Sin embargo, perdimos todo el 2017 sin obtener un acuerdo que los manuales presentarían como fácil de alcanzar. A falta de un acuerdo oportuno no pudimos contener, y al contrario, multiplicamos, el indeseado efecto colateral que casos de estas dimensiones inevitablemente producen sobre la economía.  

Y ahora, más de un año después de las confesiones de Washington, estamos concentrados en revisar cómo extender en el tiempo las medidas de urgencia que adoptamos el verano pasado, cuando esperábamos que las negociaciones con Odebrecht se iniciaran. Por supuesto que hay una nueva urgencia: la que representa la expansión de los efectos colaterales del caso a todo el sector infraestructura. Ese es, sin duda, un asunto nuevo y merece sus propias medidas de urgencia.  

Pero por lo que toca a Odebrecht, no hubo durante el 2017 ninguna negociación en serio y no la hay aún ahora. En lo que toca a este asunto, en los debates actuales estamos intentando afinar instrumentos que nadie está intentando utilizar.  

No obstante –y esto es innegable–, las medidas de urgencia de febrero del 2017 contienen dos herramientas que parecen haber llegado para quedarse. Me refiero al uso de fideicomisos para asegurar el pago de reparaciones por daños y a la intervención del agraviado (no solo del Estado) en la venta de activos del perpetrador. Y a ellas tiene sentido agregar el uso de fianzas judiciales como alternativa a los fideicomisos y la creación de procedimientos de colaboración eficaz y clemencia para personas jurídicas que cooperen con la justicia o acepten asumir responsabilidades corporativas sin necesidad de ir a un juicio.  

Se trata de cuatro medidas agresivas, sin duda, que la ley debería entregar a los tribunales de justicia. Pero, con los límites correctos, son cuatro medidas que pueden marcar un importante punto de quiebre en el proceso en marcha.  

El Congreso está entretenido ahora en un debate innecesario sobre algo tan intolerable como la explotación del trabajo juvenil. Pero si cambiamos de página, ese mismo Congreso podría convertirse en la instancia que marque un punto de quiebre en la cadena de errores que ha dado origen al fracaso de esta historia.  

Fuera del Congreso hay una segunda corporación pública que puede marcar ese cambio de timón que requerimos con tanta urgencia. Se trata del Tribunal Constitucional, que acaba de recibir en audiencia el caso Humala/Heredia, sobre la falta de necesidad de sostener su detención.  

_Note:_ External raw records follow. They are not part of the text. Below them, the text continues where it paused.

Lemma log_le_of_ratios a m u v lx d : 0 < a -> 0 < lx -> 0 < u / lx -> m < v / u ->
  1 + d < (a * m - (a - 1)) * (u / lx) -> (a - 1) * u - a * v <= - (1 + d) * lx.
Proof.
  intros Ha Hlx Hq Hr Hk.
  set (q := u / lx) in *; set (r := v / u) in *.
  assert (Hu : u = q * lx) by (unfold q; field; lra).
  assert (Hv : v = r * u) by (unfold r; field; nra).
  assert (Hm : a * m * u < a * r * u) by (apply Rmult_lt_compat_r; nra).
  assert (Hd : (1 + d) * lx < (a * m - (a - 1)) * q * lx) by (apply Rmult_lt_compat_r; lra).
  replace ((a * m - (a - 1)) * q * lx) with ((a * m - (a - 1)) * u) in Hd by (rewrite Hu; ring).
  rewrite Hv; lra.
Qed.

Lemma log_ge_of_ratios a m u v lx : 0 < a -> 0 < lx -> 0 < u / lx -> v / u < m ->
  (a * m - (a - 1)) * (u / lx) <= 1 -> - lx <= (a - 1) * u - a * v.
Proof.
  intros Ha Hlx Hq Hr Hk.
  set (q := u / lx) in *; set (r := v / u) in *.
  assert (Hu : u = q * lx) by (unfold q; field; lra).
  assert (Hv : v = r * u) by (unfold r; field; nra).
  assert (Hm : a * r * u < a * m * u) by (apply Rmult_lt_compat_r; nra).
  assert (Hd : (a * m - (a - 1)) * q * lx <= lx)
    by (rewrite <- (Rmult_1_l lx) at 2; apply Rmult_le_compat_r; lra).
  replace ((a * m - (a - 1)) * q * lx) with ((a * m - (a - 1)) * u) in Hd by (rewrite Hu; ring).
  rewrite Hv; lra.
Qed.

Lemma lim_infty_eventually_gt h L r : lim_infty h L -> ext_gt L r ->
  Rbar_locally p_infty (fun x => r < h x).
Proof.
  destruct L as [l | |]; simpl; intros Hl Hr; [| | contradiction].
  - destruct (Hl (l - r) ltac:(lra)) as [M HM]; exists M; intros x Hx.
    specialize (HM x Hx); apply Rabs_lt_between' in HM; lra.
  - destruct (Hl r) as [M HM]; exists M; exact HM.
Qed.

Lemma lim_infty_eventually_lt h L r : lim_infty h L -> ext_lt L r ->
  Rbar_locally p_infty (fun x => h x < r).
Proof.
  destruct L as [l | |]; simpl; intros Hl Hr; [| contradiction |].
  - destruct (Hl (r - l) ltac:(lra)) as [M HM]; exists M; intros x Hx.
    specialize (HM x Hx); apply Rabs_lt_between' in HM; lra.
  - destruct (Hl r) as [M HM]; exists M; exact HM.
Qed.

Lemma ext_gt_between L r : ext_gt L r -> exists s, r < s /\ ext_gt L s.
Proof.
  destruct L as [l | |]; simpl; intros Hr; [| | contradiction].
  - exists ((r + l) / 2); split; lra.
  - exists (r + 1); split; [lra | exact I].
Qed.

Lemma ext_lt_between L r : ext_lt L r -> exists s, s < r /\ ext_lt L s.
Proof.
  destruct L as [l | |]; simpl; intros Hr; [| contradiction |].
  - exists ((r + l) / 2); split; lra.
  - exists (r - 1); split; [lra | exact I].
Qed.

(* The paper's [1 / c], with [1 / +oo = 0]; the value at [MInf] is never used. *)
Definition ext_inv (L : ERbar) : R := match L with Fin c => / c | _ => 0 end.

Section Eventual_bounds.

Variables (h : R -> R) (L : ERbar).
Hypothesis Hlim : lim_infty h L.
Hypothesis L_pos : ext_gt L 0.

Lemma ext_inv_nonneg : 0 <= ext_inv L.
Proof.
  destruct L as [c | |]; simpl in *; [| lra | contradiction].
  left; apply Rinv_0_lt_compat, L_pos.
Qed.

Lemma lim_infty_eventually_mult_gt k : ext_inv L < k ->
  exists d, 0 < d /\ Rbar_locally p_infty (fun x => 1 + d < k * h x).
Proof.
  intros Hk; pose proof ext_inv_nonneg as Hinv.
  assert (Hk_inv : ext_gt L (/ k)).
  { destruct L as [c | |]; simpl in *; [| exact I | contradiction].
    unfold Rgt; rewrite <- (Rinv_inv c).
    apply Rinv_lt_contravar; [apply Rmult_lt_0_compat; [apply Rinv_0_lt_compat |] |]; lra. }
  destruct (ext_gt_between _ _ Hk_inv) as [s [Hs HLs]].
  assert (Hks : 1 < k * s).
  { rewrite <- (Rinv_r k) by lra; apply Rmult_lt_compat_l; lra. }
  exists (k * s - 1); split; [lra|].
  apply (filter_imp (fun x => s < h x)); [| exact (lim_infty_eventually_gt h L s Hlim HLs)].
  intros x Hx; assert (k * s < k * h x) by (apply Rmult_lt_compat_l; lra); lra.
Qed.

Lemma lim_infty_eventually_mult_le k : k < ext_inv L ->
  Rbar_locally p_infty (fun x => k * h x <= 1).
Proof.
  intros Hk; destruct (Rle_lt_dec k 0) as [Hk0 | Hk0].
  - apply (filter_imp (fun x => 0 < h x)); [| exact (lim_infty_eventually_gt h L 0 Hlim L_pos)].
    intros x Hx; nra.
  - assert (Hk_inv : ext_lt L (/ k)).
    { destruct L as [c | |]; simpl in *; [| lra | contradiction].
      rewrite <- (Rinv_inv c).
      apply Rinv_lt_contravar; [apply Rmult_lt_0_compat; [| apply Rinv_0_lt_compat] |]; lra. }
    apply (filter_imp (fun x => h x < / k)); [| exact (lim_infty_eventually_lt h L _ Hlim Hk_inv)].
    intros x Hx; left; rewrite <- (Rinv_r k) by lra; apply Rmult_lt_compat_l; lra.
Qed.

End Eventual_bounds.

Lemma lim_infty_pot_div_ln_of_class f : class_i f \/ class_ii f ->
  lim_infty (fun x => pot f x / ln x) PInf.
Proof.
  intros [[c [Hc [L [HL HLc]]]] | [_ [Hln _]]]; [| exact Hln].
  intros A; set (A' := Rmax A 1).
  assert (HA' : 0 < A') by (unfold A'; apply Rlt_le_trans with 1; [lra | apply Rmax_r]).
  assert (Hlnx : Rbar_locally p_infty (fun x => Rabs (ln x / x - 0) < c / A')).
  { exact (proj2 (is_lim_spec _ _ _) is_lim_div_ln_p (mkposreal _ (Rdiv_lt_0_compat _ _ Hc HA'))). }
  generalize (filter_and _ _ (lim_infty_eventually_gt _ _ _ HL HLc)
    (filter_and _ _ Hlnx (eventually_gt 1))).
  intros [M HM]; exists M; intros x Hx.
  destruct (HM x Hx) as [Hpot [Hln Hx1]].
  assert (Hlnpos : 0 < ln x) by (apply ln_gt_0, Hx1).
  rewrite Rminus_0_r, Rabs_pos_eq in Hln by (apply Rlt_le, Rdiv_lt_0_compat; lra).
  assert (Hcx : c * x < pot f x).
  { replace (pot f x) with (pot f x / x * x) by (field; lra); apply Rmult_lt_compat_r; lra. }
  assert (HAln : A' * ln x < c * x).
  { replace (A' * ln x) with (A' * (ln x / x) * x) by (field; lra).
    apply Rmult_lt_compat_r; [lra|].
    replace c with (A' * (c / A')) by (field; lra); apply Rmult_lt_compat_l; lra. }
  unfold Rgt; apply Rle_lt_trans with A'; [apply Rmax_l|].
  apply Rmult_lt_reg_r with (ln x); [exact Hlnpos|].
  unfold Rdiv; rewrite Rmult_assoc, Rinv_l; lra.
Qed.

Section Dalpha_dichotomy.

Variables (alpha : R) (f g : R -> R) (L M : ERbar).
Hypothesis Halpha : 1 < alpha.
Hypotheses (Df : is_density f) (Dg : is_density g).
Hypothesis Hratio : forall a b, exists K, forall x, a <= x <= b -> 0 <= x -> g x <= K * f x.
Hypothesis Hpot_f : lim_infty (fun x => pot f x / ln x) L.
Hypothesis L_pos : ext_gt L 0.
Hypothesis Hpot_gf : lim_infty (fun x => pot g x / pot f x) M.

Lemma eventually_regular :
  Rbar_locally p_infty (fun x => 1 < x /\ 0 < f x /\ 0 < g x /\ 0 < pot f x / ln x).
Proof.
  repeat apply filter_and;
    [apply eventually_gt | apply density_eventually_pos, Df | apply density_eventually_pos, Dg |].
  exact (lim_infty_eventually_gt _ _ _ Hpot_f L_pos).
Qed.

Lemma Dalpha_dichotomy :
  (ext_gt M ((alpha - 1) / alpha + ext_inv L / alpha) -> Dalpha_finite alpha f g) /\
  (ext_lt M ((alpha - 1) / alpha + ext_inv L / alpha) -> Dalpha_infinite alpha f g).
Proof.
  assert (Hthreshold : alpha * ((alpha - 1) / alpha + ext_inv L / alpha) = alpha - 1 + ext_inv L)
    by (field; lra).
  split.
  - intros HM; destruct (ext_gt_between _ _ HM) as [m [Hm HMm]].
    assert (Hk : ext_inv L < alpha * m - (alpha - 1)).
    { apply (Rmult_lt_compat_l alpha) in Hm; [rewrite Hthreshold in Hm; lra | lra]. }
    destruct (lim_infty_eventually_mult_gt _ _ Hpot_f L_pos _ Hk) as [d [Hd Hev]].
    apply (Dalpha_finite_of_log_le alpha f g Halpha Df Dg Hratio d Hd).
    generalize (filter_and _ _ eventually_regular
      (filter_and _ _ Hev (lim_infty_eventually_gt _ _ _ Hpot_gf HMm))).
    apply filter_imp; intros x ((Hx & Hf & Hg & Hq) & Hkq & Hr).
    split; [exact Hf | split; [exact Hg|]].
    apply log_le_of_ratios with m; [lra | apply ln_gt_0 | | |]; assumption.
  - intros HM; destruct (ext_lt_between _ _ HM) as [m [Hm HMm]].
    assert (Hk : alpha * m - (alpha - 1) < ext_inv L).
    { apply (Rmult_lt_compat_l alpha) in Hm; [rewrite Hthreshold in Hm; lra | lra]. }
    apply (Dalpha_infinite_of_log_ge alpha f g Halpha Df Dg Hratio).
    generalize (filter_and _ _ eventually_regular
      (filter_and _ _ (lim_infty_eventually_mult_le _ _ Hpot_f L_pos _ Hk)
         (lim_infty_eventually_lt _ _ _ Hpot_gf HMm))).
    apply filter_imp; intros x ((Hx & Hf & Hg & Hq) & Hkq & Hr).
    split; [exact Hf | split; [exact Hg|]].
    apply log_ge_of_ratios with m; [lra | apply ln_gt_0 | | |]; assumption.
Qed.

End Dalpha_dichotomy.

Theorem proposition3p3 (alpha : R) (halpha : alpha > 1) :
  (forall f g : R -> R,
     is_density f -> is_density g ->
     (class_i f \/ class_ii f) ->
     (exists K, forall x, 0 <= x -> f x <= K) ->
     (exists L, lim_infty (fun x => pot f x / pot g x) L) ->
     (forall a b, exists K, forall x, a <= x <= b -> 0 <= x -> g x <= K * f x) ->
     forall M, lim_infty (fun x => pot g x / pot f x) M ->
       (ext_gt M ((alpha - 1) / alpha) -> Dalpha_finite alpha f g) /\
       (ext_lt M ((alpha - 1) / alpha) -> Dalpha_infinite alpha f g)) /\
  (forall (f g : R -> R) (c : R),
     is_density f -> is_density g ->
     c > 1 ->
     lim_infty (fun x => pot f x / ln x) (Fin c) ->
     (exists K, forall x, 0 <= x -> f x <= K) ->
     (exists L, lim_infty (fun x => pot f x / pot g x) L) ->
     (forall a b, exists K, forall x, a <= x <= b -> 0 <= x -> g x <= K * f x) ->
     forall M, lim_infty (fun x => pot g x / pot f x) M ->
       (ext_gt M ((alpha - 1) / alpha + 1 / (c * alpha)) -> Dalpha_finite alpha f g) /\
       (ext_lt M ((alpha - 1) / alpha + 1 / (c * alpha)) -> Dalpha_infinite alpha f g)).
Proof.
  split.
  - intros f g Df Dg Hclass _ _ Hratio M HM.
    replace ((alpha - 1) / alpha) with ((alpha - 1) / alpha + ext_inv PInf / alpha)
      by (simpl; field; lra).
    exact (Dalpha_dichotomy alpha f g PInf M halpha Df Dg Hratio
      (lim_infty_pot_div_ln_of_class f Hclass) I HM).
  - intros f g c Df Dg Hc Hpot _ _ Hratio M HM.
    replace ((alpha - 1) / alpha + 1 / (c * alpha))
      with ((alpha - 1) / alpha + ext_inv (Fin c) / alpha) by (simpl; field; lra).
    exact (Dalpha_dichotomy alpha f g (Fin c) M halpha Df Dg Hratio Hpot
      ltac:(simpl; lra) HM).
Qed.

Ese es otro frente de enormes desatinos por enmendar. Creo que todos sentimos que la pareja Humala/Heredia debe ir a juicio. Pero coincidiremos también en que ese juicio debió comenzar hace casi seis meses. El retraso ha erosionado por completo la legitimidad que podía reclamar la detención de la pareja hace medio año, cuando parecíamos estar ante un juicio inminente. Una investigación sin fecha de término y una acusación que jamás llega no pueden justificar que se mantenga en prisión a nadie.  

La prisión preventiva también es un recurso escaso. Su uso excesivo deteriora la legitimidad que requieren las autoridades para emplearla. Por eso, al resolver el caso Humala/Heredia, el Tribunal Constitucional puede devolver el orden a un sistema que, aún entrampado en el manejo del tiempo, necesita aire suficiente para poder desenvolverse sin desviaciones ni entuertos.  

Dos tareas por hacer. No parece demasiado, ¿verdad?